▶ [PROBLEM DETAILS] Repeat the lines of the data that follow, please, starting at the first and stopping after the one with "1/8-contraction fixing 0.".

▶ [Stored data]
(* Let $b\in\mathcal E_1$ with $b-1$ flat at $0$, let $\theta$ be the inverse germ of $t\mapsto t\,b(t)$, write $\theta(x)=x\,c(x)$, let $\sigma(x)=\theta(x)^4$ with iterates $\sigma^n$ ($\sigma^0=\mathrm{id}$), and let $S(x)=\sum_{n=0}^{\infty}4^{-n}\log c(\sigma^n(x))$ (which converges on a neighbourhood of $0$). Then there exists $\varepsilon>0$ such that for every integer $p\ge0$ for which $S$ is of class $C^p$ on $(-\varepsilon,\varepsilon)$, writing $T=S^{(p)}$ and $\alpha=(\sigma')^p$, one has $$\lim_{n\to\infty}\frac{1}{4^n}\,\alpha(x)\,\alpha(\sigma(x))\cdots\alpha(\sigma^{n-1}(x))\,T(\sigma^n(x))=0\quad\text{for all }|x|<\varepsilon .$$
   Context: $\mathcal E_1$ denotes the ring of smooth function germs at $0\in\mathbb R$. A germ is flat at $0$ if all its derivatives (including its value) vanish at $0$. $S^{(p)}$ denotes the $p$-th derivative of $S$. *)

From Stdlib Require Import Reals Lra.
From Coquelicot Require Import Coquelicot.
Open Scope R_scope.

Definition smooth_on (f : R -> R) (r : R) : Prop :=
  forall (n : nat) (x : R), Rabs x < r -> ex_derive_n f n x.

Definition flat_at0 (f : R -> R) : Prop :=
  forall n : nat, Derive_n f n 0 = 0.

Definition Cp_on (f : R -> R) (p : nat) (e : R) : Prop :=
  (forall (k : nat) (x : R), (k <= p)%nat -> Rabs x < e -> ex_derive_n f k x) /\
  (forall x : R, Rabs x < e -> continuous (Derive_n f p) x).

Fixpoint orbit_prod (alpha sigma : R -> R) (n : nat) (x : R) : R :=
  match n with
  | O => 1
  | S m => orbit_prod alpha sigma m x * alpha (Nat.iter m sigma x)
  end.

From Stdlib Require Import Reals Lra.
From Coquelicot Require Import Coquelicot.
Open Scope R_scope.

(* Near 0 the perturbation t (b t - 1) of the identity has derivative close to
   0, so theta is 2-Lipschitz and small, and sigma = theta^4 is a
   1/8-contraction fixing 0.  Hence the orbit sigma^n x tends to 0, so
   T (sigma^n x) tends to T 0, while |sigma'| <= 1 bounds the orbit product by
   1; the factor 4^-n then kills the sequence.  Only the continuity of
   T = S^(p) at 0 is used, and of the hypotheses on b and theta only b 0 = 1,
   the C^2 regularity of b near 0 and theta (x) b (theta x) = x. *)

Lemma continuous_eps_delta (f : R -> R) (x e : R) : continuous f x -> 0 < e ->
  exists d, 0 < d /\ forall y, Rabs (y - x) < d -> Rabs (f y - f x) < e.
Proof.
  intros Hf He.
  destruct (proj1 (filterlim_locally f (f x)) Hf (mkposreal e He)) as [d Hd].
  exists d; split; [apply cond_pos | exact Hd].
Qed.

Lemma is_lim_seq_0_of_abs_le (u v : nat -> R) :
  (forall n, Rabs (u n) <= v n) -> is_lim_seq v 0 -> is_lim_seq u 0.
Proof.
  intros Huv Hv.
  apply is_lim_seq_abs_0, is_lim_seq_le_le with (u := fun _ => 0) (w := v).
  - intros n; split; [apply Rabs_pos | apply Huv].
  - apply is_lim_seq_const.
  - exact Hv.
Qed.

Lemma Lim_seq_abs_le (u : nat -> R) (M : R) :
  eventually (fun n => Rabs (u n) <= M) -> Rabs (Lim_seq u) <= M.
Proof.
  intros Hu.
  assert (Hle : Rbar_le (Lim_seq u) (Lim_seq (fun _ => M))).
  { apply Lim_seq_le_loc; destruct Hu as [N HN]; exists N.
    intros n Hn; apply (Rabs_le_between (u n) M), HN, Hn. }
  assert (Hge : Rbar_le (Lim_seq (fun _ => - M)) (Lim_seq u)).
  { apply Lim_seq_le_loc; destruct Hu as [N HN]; exists N.
    intros n Hn; apply (Rabs_le_between (u n) M), HN, Hn. }
  rewrite Lim_seq_const in Hle, Hge.
  destruct (Lim_seq u); simpl in *; try contradiction.
  apply Rabs_le; lra.
Qed.

(* [Derive f x] is by definition the limit of the difference quotients along
   [h = 1/(n+1)], so no differentiability of [f] is needed here. *)
Lemma Derive_abs_le (f : R -> R) (x M d : R) : 0 < d ->
  (forall h, 0 < h < d -> Rabs (f (x + h) - f x) <= M * h) ->
  Rabs (Derive f x) <= M.
Proof.
  intros Hd Hf.
  apply Lim_seq_abs_le.
  assert (Hsmall := proj2 (is_lim_seq_spec _ _) (is_lim_seq_Rbar_loc_seq 0)
                      (mkposreal d Hd)).
  destruct Hsmall as [N HN]; exists N; intros n Hn.
  specialize (HN n Hn); simpl in HN |- *.
  set (h := 0 + / (INR n + 1)) in *.
  assert (Hh : 0 < h) by (unfold h; pose proof (pos_INR n);
                          rewrite Rplus_0_l; apply Rinv_0_lt_compat; lra).
  rewrite Rminus_0_r, Rabs_pos_eq in HN by lra.
  unfold Rdiv; rewrite Rabs_mult, Rabs_inv, (Rabs_pos_eq h) by lra.
  apply Rmult_le_reg_r with h; [exact Hh|].
  rewrite Rmult_assoc, Rinv_l by lra.
  rewrite Rmult_1_r; apply Hf; lra.
Qed.

Lemma lipschitz_of_derive_abs_le (f df : R -> R) (d L : R) :
  (forall t, Rabs t < d -> is_derive f t (df t)) ->
  (forall t, Rabs t < d -> Rabs (df t) <= L) ->
  forall u v, Rabs u < d -> Rabs v < d -> Rabs (f u - f v) <= L * Rabs (u - v).
Proof.
  intros Hf Hdf u v Hu Hv.
  assert (Hbetween : forall t, Rmin v u <= t <= Rmax v u -> Rabs t < d).
  { intros t Ht; apply Rabs_lt_between in Hu, Hv; apply Rabs_lt_between.
    unfold Rmin, Rmax in Ht; destruct (Rle_dec v u); lra. }
  destruct (MVT_abs f df v u) as [t [Heq Ht]].
  { intros t Ht; apply is_derive_Reals, Hf, Hbetween, Ht. }
  rewrite Heq; apply Rmult_le_compat_r; [apply Rabs_pos | apply Hdf, Hbetween, Ht].
Qed.

Lemma Rabs_pow_sub_le (a u v : R) (n : nat) : Rabs u <= a -> Rabs v <= a ->
  Rabs (u ^ S n - v ^ S n) <= INR (S n) * a ^ n * Rabs (u - v).
Proof.
  intros Hu Hv.
  assert (Ha : 0 <= a) by (eapply Rle_trans; [apply Rabs_pos | exact Hu]).
  induction n as [|n IH].
  - replace (u ^ 1 - v ^ 1) with (u - v) by ring; simpl; lra.
  - assert (Hvn : Rabs (v ^ S n) <= a ^ S n)
      by (rewrite <- RPow_abs; apply pow_incr; split; [apply Rabs_pos | exact Hv]).
    replace (Rabs (u ^ S (S n) - v ^ S (S n)))
      with (Rabs (u * (u ^ S n - v ^ S n) + v ^ S n * (u - v))) by (f_equal; simpl; ring).
    eapply Rle_trans; [apply Rabs_triang|]; rewrite !Rabs_mult.
    assert (Hdist := Rabs_pos (u - v)).
    assert (Hfirst : Rabs u * Rabs (u ^ S n - v ^ S n)
                     <= a * (INR (S n) * a ^ n * Rabs (u - v)))
      by (apply Rmult_le_compat; auto using Rabs_pos).
    rewrite S_INR; simpl in *; nra.
Qed.

Lemma orbit_prod_abs_le (alpha sigma : R -> R) (M x : R) :
  0 <= M -> (forall k, Rabs (alpha (Nat.iter k sigma x)) <= M) ->
  forall n, Rabs (orbit_prod alpha sigma n x) <= M ^ n.
Proof.
  intros HM Halpha n; induction n as [|n IH]; simpl.
  - rewrite Rabs_R1; lra.
  - rewrite Rabs_mult, Rmult_comm.
    apply Rmult_le_compat; auto using Rabs_pos.
Qed.

Section InverseGerm.

Variables (b theta c : R -> R) (r : R).
Hypothesis hr : 0 < r.
Hypothesis hb_smooth : smooth_on b r.
Hypothesis hb0 : b 0 = 1.
Hypothesis htheta_right : forall x, Rabs x < r -> theta x * b (theta x) = x.
Hypothesis hc : forall x, Rabs x < r -> theta x = x * c x.
Hypothesis hc0 : continuous c 0.

Lemma perturbation_lipschitz_half : exists d, 0 < d /\
  forall u v, Rabs u < d -> Rabs v < d ->
    Rabs (u * (b u - 1) - v * (b v - 1)) <= / 2 * Rabs (u - v).
Proof.
  set (df := fun t => (b t - 1) + t * Derive b t).
  assert (Hr0 : Rabs 0 < r) by (rewrite Rabs_R0; exact hr).
  assert (Hdf : continuous df 0).
  { apply (continuous_plus (fun t => b t - 1) (fun t => t * Derive b t)).
    - apply (continuous_minus b (fun _ => 1)); [|apply continuous_const].
      apply (ex_derive_continuous b), (hb_smooth 1%nat 0 Hr0).
    - apply (continuous_mult (fun t => t) (Derive b)); [apply continuous_id|].
      apply (ex_derive_continuous (Derive b)), (hb_smooth 2%nat 0 Hr0). }
  destruct (continuous_eps_delta df 0 (/ 2) Hdf) as [d [Hd Hnear]]; [lra|].
  assert (Hdf0 : df 0 = 0) by (unfold df; rewrite hb0; ring).
  exists (Rmin d r); split; [apply Rmin_pos; lra|].
  apply lipschitz_of_derive_abs_le with (df := df).
  - intros t Ht.
    assert (Hb : ex_derive b t)
      by (apply (hb_smooth 1%nat); eapply Rlt_le_trans; [exact Ht | apply Rmin_r]).
    unfold df; auto_derive; [exact Hb | change (fun x => b x) with b; ring].
  - intros t Ht.
    assert (Htd : Rabs (t - 0) < d)
      by (rewrite Rminus_0_r; eapply Rlt_le_trans; [exact Ht | apply Rmin_l]).
    specialize (Hnear t Htd); rewrite Hdf0, Rminus_0_r in Hnear; lra.
Qed.

Lemma theta_0 : theta 0 = 0.
Proof. rewrite hc by (rewrite Rabs_R0; exact hr); ring. Qed.

Lemma theta_continuous_0 : continuous theta 0.
Proof.
  apply continuous_ext_loc with (g := fun x => x * c x).
  - exists (mkposreal r hr); intros y Hy; symmetry; apply hc.
    cbv [ball] in Hy; simpl in Hy; unfold AbsRing_ball, abs, minus, plus, opp in Hy.
    simpl in Hy; rewrite Ropp_0, Rplus_0_r in Hy; exact Hy.
  - apply (continuous_mult (fun x => x) c); [apply continuous_id | exact hc0].
Qed.

Lemma theta_small (e : R) : 0 < e -> exists d, 0 < d /\
  forall x, Rabs x < d -> Rabs (theta x) < e.
Proof.
  intros He.
  destruct (continuous_eps_delta theta 0 e theta_continuous_0 He) as [d [Hd Hnear]].
  exists d; split; [exact Hd|]; intros x Hx.
  specialize (Hnear x); rewrite theta_0, !Rminus_0_r in Hnear; auto.
Qed.

Lemma theta_lipschitz_near0 : exists d, 0 < d /\
  forall x y, Rabs x < d -> Rabs y < d ->
    Rabs (theta x - theta y) <= 2 * Rabs (x - y).
Proof.
  destruct perturbation_lipschitz_half as [d0 [Hd0 Hlip]].
  destruct (theta_small d0 Hd0) as [d1 [Hd1 Hsmall]].
  exists (Rmin d1 r); split; [apply Rmin_pos; lra|]; intros x y Hx Hy.
  assert (Hx1 : Rabs x < d1) by (eapply Rlt_le_trans; [exact Hx | apply Rmin_l]).
  assert (Hy1 : Rabs y < d1) by (eapply Rlt_le_trans; [exact Hy | apply Rmin_l]).
  assert (Hxr : Rabs x < r) by (eapply Rlt_le_trans; [exact Hx | apply Rmin_r]).
  assert (Hyr : Rabs y < r) by (eapply Rlt_le_trans; [exact Hy | apply Rmin_r]).
  set (u := theta x); set (v := theta y).
  assert (Hsplit : u - v
                   = (x - y) - (u * (b u - 1) - v * (b v - 1))).
  { rewrite <- (htheta_right x Hxr), <- (htheta_right y Hyr); fold u v; ring. }
  assert (Hpert := Hlip u v (Hsmall x Hx1) (Hsmall y Hy1)).
  assert (Htri : Rabs (u - v)
                 <= Rabs (x - y) + Rabs (u * (b u - 1) - v * (b v - 1))).
  { rewrite Hsplit, <- (Rabs_Ropp (_ - v * _)); apply Rabs_triang. }
  lra.
Qed.

Lemma theta_pow4_contraction : exists eps, 0 < eps /\
  forall x y, Rabs x < eps -> Rabs y < eps ->
    Rabs (theta x ^ 4 - theta y ^ 4) <= / 8 * Rabs (x - y).
Proof.
  destruct theta_lipschitz_near0 as [d0 [Hd0 Hlip]].
  destruct (theta_small (/ 4)) as [d1 [Hd1 Hsmall]]; [lra|].
  exists (Rmin d0 d1); split; [apply Rmin_pos; lra|]; intros x y Hx Hy.
  assert (Hx0 : Rabs x < d0) by (eapply Rlt_le_trans; [exact Hx | apply Rmin_l]).
  assert (Hy0 : Rabs y < d0) by (eapply Rlt_le_trans; [exact Hy | apply Rmin_l]).
  assert (Hx1 : Rabs x < d1) by (eapply Rlt_le_trans; [exact Hx | apply Rmin_r]).
  assert (Hy1 : Rabs y < d1) by (eapply Rlt_le_trans; [exact Hy | apply Rmin_r]).
  assert (Hpow := Rabs_pow_sub_le (/ 4) (theta x) (theta y) 3
                    (Rlt_le _ _ (Hsmall x Hx1)) (Rlt_le _ _ (Hsmall y Hy1))).
  assert (Hl := Hlip x y Hx0 Hy0).
  assert (Hdist := Rabs_pos (theta x - theta y)).
  replace (INR 4 * (/ 4) ^ 3) with (/ 16) in Hpow by (simpl; field).
  lra.
Qed.

End InverseGerm.

Section ContractionOrbit.

Variables (sigma : R -> R) (eps k : R).
Hypothesis hk : 0 <= k < 1.
Hypothesis hsigma0 : sigma 0 = 0.
Hypothesis hsigma_lip : forall x y, Rabs x < eps -> Rabs y < eps ->
  Rabs (sigma x - sigma y) <= k * Rabs (x - y).

Lemma iter_abs_le (x : R) : Rabs x < eps ->
  forall n, Rabs (Nat.iter n sigma x) <= k ^ n * Rabs x.
Proof.
  intros Hx n; induction n as [|n IH]; simpl; [lra|].
  assert (Hkn : k ^ n <= 1)
    by (rewrite <- (pow1 n); apply pow_incr; lra).
  assert (Hin : Rabs (Nat.iter n sigma x) < eps)
    by (pose proof (Rabs_pos x); nra).
  assert (H0 : Rabs 0 < eps) by (rewrite Rabs_R0; pose proof (Rabs_pos x); lra).
  assert (Hstep := hsigma_lip _ 0 Hin H0).
  rewrite hsigma0, !Rminus_0_r in Hstep.
  pose proof (Rabs_pos (Nat.iter n sigma x)); nra.
Qed.

Lemma iter_abs_lt (x : R) : Rabs x < eps -> forall n, Rabs (Nat.iter n sigma x) < eps.
Proof.
  intros Hx n.
  assert (Hkn : k ^ n <= 1) by (rewrite <- (pow1 n); apply pow_incr; lra).
  assert (Hiter := iter_abs_le x Hx n).
  pose proof (Rabs_pos x); nra.
Qed.

Lemma is_lim_seq_iter (x : R) : Rabs x < eps -> is_lim_seq (fun n => Nat.iter n sigma x) 0.
Proof.
  intros Hx.
  apply is_lim_seq_0_of_abs_le with (v := fun n => k ^ n * Rabs x);
    [apply iter_abs_le, Hx|].
  replace (Finite 0) with (Rbar_mult 0 (Rabs x)) by (simpl; f_equal; ring).
  apply is_lim_seq_mult'; [apply is_lim_seq_geom | apply is_lim_seq_const].
  rewrite Rabs_pos_eq; lra.
Qed.

Lemma Derive_abs_le_contraction (y : R) : Rabs y < eps -> Rabs (Derive sigma y) <= k.
Proof.
  intros Hy; apply (Derive_abs_le sigma y k (eps - Rabs y)); [lra|].
  intros h Hh.
  assert (Hyh : Rabs (y + h) < eps)
    by (pose proof (Rabs_triang y h); rewrite (Rabs_pos_eq h) in *; lra).
  assert (Hlip := hsigma_lip _ _ Hyh Hy).
  replace (y + h - y) with h in Hlip by ring.
  rewrite (Rabs_pos_eq h) in Hlip by lra; exact Hlip.
Qed.

Lemma is_lim_seq_orbit_prod_0 (T : R -> R) (p : nat) (x : R) :
  continuous T 0 -> Rabs x < eps ->
  is_lim_seq (fun n => / 4 ^ n * orbit_prod (fun y => Derive sigma y ^ p) sigma n x
                       * T (Nat.iter n sigma x)) 0.
Proof.
  intros HT Hx.
  assert (Hprod : forall n, Rabs (orbit_prod (fun y => Derive sigma y ^ p) sigma n x) <= 1).
  { intros n; rewrite <- (pow1 n); apply orbit_prod_abs_le; [lra|]; intros m.
    rewrite <- RPow_abs, <- (pow1 p); apply pow_incr; split; [apply Rabs_pos|].
    assert (Hd := Derive_abs_le_contraction _ (iter_abs_lt x Hx m)); lra. }
  assert (Hscaled : is_lim_seq
            (fun n => / 4 ^ n * orbit_prod (fun y => Derive sigma y ^ p) sigma n x) 0).
  { apply is_lim_seq_0_of_abs_le with (v := fun n => (/ 4) ^ n).
    - intros n; rewrite Rabs_mult, pow_inv, (Rabs_pos_eq (/ 4 ^ n))
        by (apply Rlt_le, Rinv_0_lt_compat, pow_lt; lra).
      rewrite <- (Rmult_1_r (/ 4 ^ n)) at 2.
      apply Rmult_le_compat_l; [apply Rlt_le, Rinv_0_lt_compat, pow_lt; lra | apply Hprod].
    - apply is_lim_seq_geom; rewrite Rabs_pos_eq; lra. }
  assert (Horbit : is_lim_seq (fun n => T (Nat.iter n sigma x)) (T 0))
    by (eapply filterlim_comp; [exact (is_lim_seq_iter x Hx) | exact HT]).
  replace (Finite 0) with (Rbar_mult 0 (T 0)) by (simpl; f_equal; ring).
  apply is_lim_seq_mult'; assumption.
Qed.

End ContractionOrbit.

Theorem lemma3p10
  (b theta c : R -> R) (r : R)
  (hr : 0 < r)
  (hb_smooth : smooth_on b r)
  (hb_flat : flat_at0 (fun t => b t - 1))
  (htheta_left : forall t, Rabs t < r -> theta (t * b t) = t)
  (htheta_right : forall x, Rabs x < r -> theta x * b (theta x) = x)
  (hc : forall x, Rabs x < r -> theta x = x * c x)
  (hc0 : continuous c 0) :
  let sigma := fun x => (theta x) ^ 4 in
  let S := fun x => Series (fun n => / 4 ^ n * ln (c (Nat.iter n sigma x))) in
  exists eps : R, 0 < eps /\
    forall p : nat, Cp_on S p eps ->
      let T := Derive_n S p in
      let alpha := fun x => (Derive sigma x) ^ p in
      forall x : R, Rabs x < eps ->
        is_lim_seq
          (fun n => / 4 ^ n * orbit_prod alpha sigma n x * T (Nat.iter n sigma x))
          0.
Proof.
  intros sigma S.
  assert (hb0 : b 0 = 1) by (pose proof (hb_flat 0%nat) as H0; simpl in H0; lra).
  destruct (theta_pow4_contraction b theta c r hr hb_smooth hb0 htheta_right hc hc0)
    as [eps [Heps Hcontr]].
  assert (Hsigma0 : sigma 0 = 0) by (unfold sigma; rewrite (theta_0 theta c r hr hc); ring).
  exists eps; split; [exact Heps|].
  intros p HCp T alpha x Hx.
  apply (is_lim_seq_orbit_prod_0 sigma eps (/ 8)); [lra | exact Hsigma0 | exact Hcontr | |exact Hx].
  apply (proj2 HCp 0); rewrite Rabs_R0; exact Heps.
Qed.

▶ [TASK SOLUTION]
(* Let $b\in\mathcal E_1$ with $b-1$ flat at $0$, let $\theta$ be the inverse germ of $t\mapsto t\,b(t)$, write $\theta(x)=x\,c(x)$, let $\sigma(x)=\theta(x)^4$ with iterates $\sigma^n$ ($\sigma^0=\mathrm{id}$), and let $S(x)=\sum_{n=0}^{\infty}4^{-n}\log c(\sigma^n(x))$ (which converges on a neighbourhood of $0$). Then there exists $\varepsilon>0$ such that for every integer $p\ge0$ for which $S$ is of class $C^p$ on $(-\varepsilon,\varepsilon)$, writing $T=S^{(p)}$ and $\alpha=(\sigma')^p$, one has $$\lim_{n\to\infty}\frac{1}{4^n}\,\alpha(x)\,\alpha(\sigma(x))\cdots\alpha(\sigma^{n-1}(x))\,T(\sigma^n(x))=0\quad\text{for all }|x|<\varepsilon .$$
   Context: $\mathcal E_1$ denotes the ring of smooth function germs at $0\in\mathbb R$. A germ is flat at $0$ if all its derivatives (including its value) vanish at $0$. $S^{(p)}$ denotes the $p$-th derivative of $S$. *)

From Stdlib Require Import Reals Lra.
From Coquelicot Require Import Coquelicot.
Open Scope R_scope.

Definition smooth_on (f : R -> R) (r : R) : Prop :=
  forall (n : nat) (x : R), Rabs x < r -> ex_derive_n f n x.

Definition flat_at0 (f : R -> R) : Prop :=
  forall n : nat, Derive_n f n 0 = 0.

Definition Cp_on (f : R -> R) (p : nat) (e : R) : Prop :=
  (forall (k : nat) (x : R), (k <= p)%nat -> Rabs x < e -> ex_derive_n f k x) /\
  (forall x : R, Rabs x < e -> continuous (Derive_n f p) x).

Fixpoint orbit_prod (alpha sigma : R -> R) (n : nat) (x : R) : R :=
  match n with
  | O => 1
  | S m => orbit_prod alpha sigma m x * alpha (Nat.iter m sigma x)
  end.

From Stdlib Require Import Reals Lra.
From Coquelicot Require Import Coquelicot.
Open Scope R_scope.

(* Near 0 the perturbation t (b t - 1) of the identity has derivative close to
   0, so theta is 2-Lipschitz and small, and sigma = theta^4 is a
   1/8-contraction fixing 0.  Hence the orbit sigma^n x tends to 0, so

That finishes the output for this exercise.